(DATA SECTION begins)

(* Let $\mathcal{K}$ be a class of similar algebras and let $e$ be a unary term such that every algebra in $\mathcal{K}$ satisfies $e(e(x))=e(x)$ and is separated by $e$. Let $\mathcal{E}$ be the full subcategory of $\mathrm{ISP}(\mathcal{K})$ whose objects are the algebras in $\mathrm{ISP}(\mathcal{K})$ for which $e$ is dense. Then for an algebra $\mathbf{P}$ the following are equivalent: (a) $\mathbf{P}\in\mathcal{V}(\mathcal{K})$, $\mathbf{P}$ is projective in $\mathcal{V}(\mathcal{K})$, and $e$ is dense for $\mathbf{P}$; (b) $\mathbf{P}$ is an object of $\mathcal{E}$ and $\mathbf{P}$ is projective in $\mathcal{E}$.
   Context: $\mathcal{V}(\mathcal{K})$ is the variety generated by $\mathcal{K}$, and $\mathrm{ISP}(\mathcal{K})$ is the class of isomorphic copies of subalgebras of products of members of $\mathcal{K}$. A category of algebras is a full subcategory of the category of all algebras of a given language. If $\mathcal{P}$ is a category of algebras, $\mathbf{P}\in\mathcal{P}$ is projective in $\mathcal{P}$ if for all $\mathbf{A},\mathbf{B}\in\mathcal{P}$, every surjective homomorphism $\sigma:\mathbf{A}\to\mathbf{B}$ and every homomorphism $\varphi:\mathbf{P}\to\mathbf{B}$, there is a homomorphism $\bar\varphi:\mathbf{P}\to\mathbf{A}$ with $\sigma\circ\bar\varphi=\varphi$. The term $e$ separates $\mathbf{A}$ if for all $a\neq b$ in $A$ there is a unary term $g$ with $e(g(a))\neq e(g(b))$; $e$ is dense for $\mathbf{A}$ if $\mathbf{A}$ is generated by $e(A)$. *)

From mathcomp Require Import all_boot.
Set Implicit Arguments. Unset Strict Implicit. Unset Printing Implicit Defensive.

Record signature := Signature { ops : Type; arity : ops -> nat }.

Record algebra (S : signature) := Algebra {
  carrier :> Type;
  interp : forall f : ops S, ('I_(arity f) -> carrier) -> carrier }.
Arguments interp {S} a f _.

Section UA.
Variable S : signature.

(** Homomorphisms (full subcategories: every homomorphism is a morphism). *)
Definition is_hom (A B : algebra S) (h : A -> B) : Prop :=
  forall (f : ops S) (args : 'I_(arity f) -> A),
    h (interp A f args) = interp B f (fun i => h (args i)).

Definition surjective (A B : Type) (h : A -> B) : Prop :=
  forall b, exists a, h a = b.

Definition prod_alg (I : Type) (F : I -> algebra S) : algebra S :=
  @Algebra S (forall i, F i)
    (fun f args => fun i => interp (F i) f (fun j => args j i)).

(** ISP(K): isomorphic copies of subalgebras of products of members of K,
    i.e. algebras embedding (injective homomorphism) into such a product. *)
Definition ISP (K : algebra S -> Prop) (A : algebra S) : Prop :=
  exists (I : Type) (F : I -> algebra S), (forall i, K (F i)) /\
  exists h : A -> prod_alg F, is_hom (B := prod_alg F) h /\ injective h.

(** V(K) = HSP(K) = H(ISP(K)) (variety generated by K, Tarski/Birkhoff). *)
Definition variety_gen (K : algebra S -> Prop) (A : algebra S) : Prop :=
  exists (B : algebra S) (h : B -> A), ISP K B /\ is_hom h /\ surjective h.

Inductive term (X : Type) : Type :=
| Var : X -> term X
| App : forall f : ops S, ('I_(arity f) -> term X) -> term X.

Fixpoint eval (X : Type) (A : algebra S) (v : X -> A) (t : term X) : A :=
  match t with
  | Var x => v x
  | App f ts => interp A f (fun i => eval v (ts i))
  end.

Definition unary_term := term unit.
Definition term_op (e : unary_term) (A : algebra S) (a : A) : A :=
  eval (fun _ => a) e.
Arguments term_op e A a : clear implicits.

Definition separates (e : unary_term) (A : algebra S) : Prop :=
  forall a b : A, a <> b ->
    exists g : unary_term, term_op e A (term_op g A a) <> term_op e A (term_op g A b).

Definition subuniverse (A : algebra S) (B : A -> Prop) : Prop :=
  forall (f : ops S) (args : 'I_(arity f) -> A),
    (forall i, B (args i)) -> B (interp A f args).

Definition generated_by (A : algebra S) (X : A -> Prop) : Prop :=
  forall B : A -> Prop, subuniverse B -> (forall x, X x -> B x) -> forall x, B x.

Definition dense (e : unary_term) (A : algebra S) : Prop :=
  generated_by (fun x => exists a : A, x = term_op e A a).

Definition projective_in (C : algebra S -> Prop) (P : algebra S) : Prop :=
  C P /\
  forall (A B : algebra S) (sigma : A -> B) (phi : P -> B),
    C A -> C B -> is_hom sigma -> surjective sigma -> is_hom phi ->
    exists phibar : P -> A, is_hom phibar /\ forall x, sigma (phibar x) = phi x.

End UA.

Arguments term_op {S} e A a.
Arguments unary_term S : clear implicits.

From mathcomp Require Import all_boot.
From Stdlib Require Import ProofIrrelevance FunctionalExtensionality IndefiniteDescription.
Set Implicit Arguments. Unset Strict Implicit.

(** (a) => (b): a projective algebra of V(K) is a retract of an ISP(K)-algebra
    covering it, hence embeds into it and lies in ISP(K).
    (b) => (a): a surjection [sigma : A ->> B] with [A] in ISP(K), together with
    [phi : P -> B], is lifted by applying projectivity of [P] in E to the first
    projection of the subalgebra [C] of [P x A] generated by the e-image of the
    pullback [{(p, a) | phi p = sigma a}]. As [e] is idempotent on [P x A] this
    generating set consists of fixed points of [e], so [e] is dense for [C]; the
    projection [C -> P] hits [e(P)], hence is onto because [e] is dense for [P];
    and [C] lies inside the pullback, so the second coordinate of the splitting
    lifts [phi]. Arbitrary [A] in V(K) are handled through an ISP(K) cover. *)

Section UniversalAlgebra.
Variable S : signature.
Implicit Types A B C P : algebra S.

Lemma hom_eval A B (h : A -> B) (X : Type) (v : X -> A) (t : term S X) :
  is_hom h -> h (eval v t) = eval (fun x => h (v x)) t.
Proof.
move=> hom_h; elim: t => [x|f ts IH] //=.
by rewrite hom_h; congr (interp B f); apply: functional_extensionality => i.
Qed.

Lemma hom_term_op A B (h : A -> B) (t : unary_term S) (a : A) :
  is_hom h -> h (term_op t A a) = term_op t B (h a).
Proof. by move=> hom_h; rewrite /term_op hom_eval. Qed.

Lemma id_hom A : is_hom (fun x : A => x).
Proof. by []. Qed.

Lemma comp_hom A B C (g : A -> B) (h : B -> C) :
  is_hom g -> is_hom h -> is_hom (fun x => h (g x)).
Proof. by move=> hom_g hom_h f args; rewrite hom_g hom_h. Qed.

Lemma prod_term_op (I : Type) (F : I -> algebra S) (t : unary_term S)
    (x : prod_alg F) (i : I) :
  term_op t (prod_alg F) x i = term_op t (F i) (x i).
Proof. exact: (@hom_term_op (prod_alg F) (F i) (fun y => y i)). Qed.

Lemma subuniverse_term_op A (T : A -> Prop) (t : unary_term S) (a : A) :
  subuniverse T -> T a -> T (term_op t A a).
Proof.
by move=> subT Ta; rewrite /term_op; elim: t => [[]|f ts IH] //=; apply: subT.
Qed.

Definition pair_alg A B : algebra S :=
  @Algebra S (A * B)%type
    (fun f args => (interp A f (fun i => (args i).1), interp B f (fun i => (args i).2))).

Lemma fst_hom A B : is_hom (A := pair_alg A B) (B := A) fst.
Proof. by []. Qed.

Definition sub_alg A (T : A -> Prop) (subT : subuniverse T) : algebra S :=
  @Algebra S {x : A | T x}
    (fun f args => exist T (interp A f (fun i => sval (args i)))
                     (subT f _ (fun i => proj2_sig (args i)))).

Section SubAlgebra.
Variables (A : algebra S) (T : A -> Prop) (subT : subuniverse T).

Lemma sval_hom : is_hom (A := sub_alg subT) (B := A) sval.
Proof. by []. Qed.

Lemma sval_inj : injective (fun y : sub_alg subT => sval y).
Proof. by move=> [x Tx] [y Ty] /= eq_xy; subst; congr exist; apply: proof_irrelevance. Qed.

End SubAlgebra.
Arguments sval_hom {A T} subT.
Arguments sval_inj {A T} subT.

Definition Sg A (X : A -> Prop) (x : A) : Prop :=
  forall T : A -> Prop, subuniverse T -> (forall z, X z -> T z) -> T x.

Lemma Sg_subuniverse A (X : A -> Prop) : subuniverse (Sg X).
Proof. by move=> f args Sg_args T subT XT; apply: (subT) => i; apply: Sg_args. Qed.
Arguments Sg_subuniverse {A} X.

Lemma Sg_incl A (X : A -> Prop) x : X x -> Sg X x.
Proof. by move=> Xx T _; apply. Qed.

Lemma generated_by_Sg A (X : A -> Prop) :
  generated_by (A := sub_alg (Sg_subuniverse X)) (fun y => X (sval y)).
Proof.
move=> T subT XT [x Sg_x].
pose T' x := Sg X x /\ forall Sg_x : Sg X x, T (exist _ x Sg_x).
suff [_] : T' x by apply.
apply: Sg_x => [f args T'_args|z Xz]; last first.
  by split=> [|Sg_z]; [apply: Sg_incl | apply: XT].
have Sg_args i := proj1 (T'_args i).
split=> [|Sg_fx]; first exact: Sg_subuniverse.
have -> : exist _ (interp A f args) Sg_fx =
          interp (sub_alg (Sg_subuniverse X)) f (fun i => exist _ (args i) (Sg_args i)).
  exact: (sval_inj (Sg_subuniverse X)).
by apply: subT => i; apply: (proj2 (T'_args i)).
Qed.
Arguments generated_by_Sg {A} X.

Lemma generated_by_mono A (X Y : A -> Prop) :
  (forall x, X x -> Y x) -> generated_by X -> generated_by Y.
Proof. by move=> XY genX T subT YT; apply: genX => // x /XY /YT. Qed.

Lemma dense_Sg_fixed A (e : unary_term S) (X : A -> Prop) :
  (forall x, X x -> term_op e A x = x) -> dense e (sub_alg (Sg_subuniverse X)).
Proof.
move=> eX; pose C := sub_alg (Sg_subuniverse X).
have X_fixed (y : C) : X (sval y) -> exists a : C, y = term_op e C a.
  move=> Xy; exists y; apply: (sval_inj (Sg_subuniverse X)).
  by rewrite (hom_term_op _ _ (sval_hom _)) eX.
exact (generated_by_mono X_fixed (generated_by_Sg X)).
Qed.

Lemma hom_image_subuniverse A B (h : A -> B) :
  is_hom h -> subuniverse (fun b => exists a, h a = b).
Proof.
move=> hom_h f args im_args.
pose pre i := proj1_sig (constructive_indefinite_description _ (im_args i)).
exists (interp A f pre); rewrite hom_h; congr (interp B f).
apply: functional_extensionality => i.
exact: (proj2_sig (constructive_indefinite_description _ (im_args i))).
Qed.

Lemma dense_hom_surjective (e : unary_term S) A P (h : A -> P) :
  is_hom h -> dense e P -> (forall p, exists a, h a = term_op e P p) -> surjective h.
Proof.
move=> hom_h dense_P im_e.
by apply: (dense_P _ (hom_image_subuniverse hom_h)) => _ [q ->].
Qed.

Section ISP.
Variable K : algebra S -> Prop.

Lemma ISP_variety_gen A : ISP K A -> variety_gen K A.
Proof. by move=> ISP_A; exists A, id; do !split=> //; move=> b; exists b. Qed.

Lemma ISP_embedding A B (g : A -> B) : is_hom g -> injective g -> ISP K B -> ISP K A.
Proof.
move=> hom_g inj_g [I [F [KF [h [hom_h inj_h]]]]]; exists I, F; split=> //.
by exists (fun a => h (g a)); split; [apply: comp_hom | move=> a b /inj_h /inj_g].
Qed.

Lemma ISP_sub_alg A (T : A -> Prop) (subT : subuniverse T) :
  ISP K A -> ISP K (sub_alg subT).
Proof. exact: ISP_embedding (sval_hom subT) (sval_inj subT). Qed.

Lemma ISP_pair A B : ISP K A -> ISP K B -> ISP K (pair_alg A B).
Proof.
move=> [I [F [KF [h [hom_h inj_h]]]]] [J [G [KG [k [hom_k inj_k]]]]].
pose H ij := match ij with inl i => F i | inr j => G j end.
exists (I + J)%type, H; split; first by case.
exists (fun ab ij => match ij as ij return H ij with
                     inl i => h ab.1 i | inr j => k ab.2 j end); split.
  by move=> f args; apply: functional_extensionality_dep => -[i|j] /=;
    [rewrite hom_h | rewrite hom_k].
move=> [a b] [a' b'] eq_hk.
have eq_h : h a = h a'.
  by apply: functional_extensionality_dep => i; apply: (congr1 (fun u => u (inl i)) eq_hk).
have eq_k : k b = k b'.
  by apply: functional_extensionality_dep => j; apply: (congr1 (fun u => u (inr j)) eq_hk).
by rewrite (inj_h _ _ eq_h) (inj_k _ _ eq_k).
Qed.

Lemma ISP_term_idem (e : unary_term S) :
  (forall A, K A -> forall a : A, term_op e A (term_op e A a) = term_op e A a) ->
  forall A, ISP K A -> forall a : A, term_op e A (term_op e A a) = term_op e A a.
Proof.
move=> e_idem A [I [F [KF [h [hom_h inj_h]]]]] a; apply: inj_h.
rewrite !(hom_term_op _ _ hom_h); apply: functional_extensionality_dep => i.
by rewrite !prod_term_op e_idem.
Qed.

End ISP.

Lemma projective_in_sub (C C' : algebra S -> Prop) P :
  (forall A, C' A -> C A) -> C' P -> projective_in C P -> projective_in C' P.
Proof.
move=> C'C C'P [_ lift]; split=> // A B sigma phi C'A C'B.
exact: lift (C'C _ C'A) (C'C _ C'B).
Qed.

Lemma projective_variety_gen_ISP (K : algebra S -> Prop) P :
  projective_in (variety_gen K) P -> ISP K P.
Proof.
move=> [V_P lift]; have [B [h [ISP_B [hom_h sur_h]]]] := V_P.
have [s [hom_s hs]] :=
  lift B P h id (ISP_variety_gen ISP_B) V_P hom_h sur_h (@id_hom P).
by apply: ISP_embedding hom_s _ ISP_B => x y eq_s; rewrite -(hs x) -(hs y) eq_s.
Qed.

Section DenseLift.
Variables (K : algebra S -> Prop) (e : unary_term S).
Hypothesis e_idem :
  forall A, K A -> forall a : A, term_op e A (term_op e A a) = term_op e A a.

Let E A := ISP K A /\ dense e A.

Lemma projective_dense_lift P A B (sigma : A -> B) (phi : P -> B) :
  projective_in E P -> ISP K A -> is_hom sigma -> surjective sigma -> is_hom phi ->
  exists psi : P -> A, is_hom psi /\ forall x, sigma (psi x) = phi x.
Proof.
move=> proj_P ISP_A hom_sigma sur_sigma hom_phi.
have [[ISP_P dense_P] lift] := proj_P.
pose D := pair_alg P A.
pose pullback (c : D) := phi c.1 = sigma c.2.
pose X z := exists2 c : D, pullback c & z = term_op e D c.
have ISP_D : ISP K D by apply: ISP_pair.
have pullback_sub : subuniverse pullback.
  move=> f args pb_args; rewrite /pullback /= hom_phi hom_sigma.
  by congr (interp B f); apply: functional_extensionality.
have X_pullback z : X z -> pullback z.
  by move=> [c pb_c ->]; apply: subuniverse_term_op.
pose Cg := sub_alg (Sg_subuniverse X).
have E_Cg : E Cg.
  split; first exact: ISP_sub_alg.
  by apply: dense_Sg_fixed => _ [c _ ->]; apply: (ISP_term_idem e_idem ISP_D).
pose pr (y : Cg) := (sval y).1.
have hom_pr : is_hom pr by [].
have sur_pr : surjective pr.
  apply: (dense_hom_surjective hom_pr dense_P) => p.
  have [a sigma_a] := sur_sigma (phi p).
  have X_ea : X (term_op e D (p, a)) by exists (p, a); rewrite // /pullback sigma_a.
  exists (exist _ _ (Sg_incl X_ea)).
  exact: (hom_term_op _ _ (@fst_hom P A)).
have [s [hom_s pr_s]] := lift Cg P pr id E_Cg (conj ISP_P dense_P) hom_pr sur_pr (@id_hom P).
exists (fun x => (sval (s x)).2); split; first by move=> f args /=; rewrite hom_s.
move=> x; have <- : phi (pr (s x)) = sigma (sval (s x)).2.
  exact: (proj2_sig (s x) _ pullback_sub X_pullback).
by rewrite pr_s.
Qed.

End DenseLift.

End UniversalAlgebra.

Theorem theorem4p1 (S : signature) (K : algebra S -> Prop) (e : unary_term S)
  (He_idem : forall A, K A -> forall a : A, term_op e A (term_op e A a) = term_op e A a)
  (He_sep : forall A, K A -> separates e A)
  (P : algebra S) :
  let E := fun A => ISP K A /\ dense e A in
  (variety_gen K P /\ projective_in (variety_gen K) P /\ dense e P)
  <-> (E P /\ projective_in E P).
Proof.
move=> E; split.
  move=> [_ [proj_P dense_P]].
  have E_P : E P by split; first exact: projective_variety_gen_ISP proj_P.
  split=> //; apply: projective_in_sub proj_P => // A [ISP_A _].
  exact: ISP_variety_gen.
move=> [[ISP_P dense_P] proj_P]; have V_P := ISP_variety_gen ISP_P.
split=> //; split=> //; split=> // A B sigma phi [A' [q [ISP_A' [hom_q sur_q]]]] _.
move=> hom_sigma sur_sigma hom_phi.
have sur_sq : surjective (fun x => sigma (q x)).
  by move=> b; have [a <-] := sur_sigma b; have [a' <-] := sur_q a; exists a'.
have [psi [hom_psi psi_lift]] := projective_dense_lift He_idem proj_P ISP_A'
  (comp_hom hom_q hom_sigma) sur_sq hom_phi.
by exists (fun x => q (psi x)); split; first exact: comp_hom.
Qed.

(DATA SECTION ends)

WHAT IS NEEDED:
Would you copy out exactly the lines from the one holding "End DenseLift." through the end of the entries above, both ends included?

COMPLETED TASK:
End DenseLift.

End UniversalAlgebra.

Theorem theorem4p1 (S : signature) (K : algebra S -> Prop) (e : unary_term S)
  (He_idem : forall A, K A -> forall a : A, term_op e A (term_op e A a) = term_op e A a)
  (He_sep : forall A, K A -> separates e A)
  (P : algebra S) :
  let E := fun A => ISP K A /\ dense e A in
  (variety_gen K P /\ projective_in (variety_gen K) P /\ dense e P)
  <-> (E P /\ projective_in E P).
Proof.
move=> E; split.
  move=> [_ [proj_P dense_P]].
  have E_P : E P by split; first exact: projective_variety_gen_ISP proj_P.
  split=> //; apply: projective_in_sub proj_P => // A [ISP_A _].
  exact: ISP_variety_gen.
move=> [[ISP_P dense_P] proj_P]; have V_P := ISP_variety_gen ISP_P.
split=> //; split=> //; split=> // A B sigma phi [A' [q [ISP_A' [hom_q sur_q]]]] _.
move=> hom_sigma sur_sigma hom_phi.
have sur_sq : surjective (fun x => sigma (q x)).
  by move=> b; have [a <-] := sur_sigma b; have [a' <-] := sur_q a; exists a'.
have [psi [hom_psi psi_lift]] := projective_dense_lift He_idem proj_P ISP_A'
  (comp_hom hom_q hom_sigma) sur_sq hom_phi.
by exists (fun x => q (psi x)); split; first exact: comp_hom.
Qed.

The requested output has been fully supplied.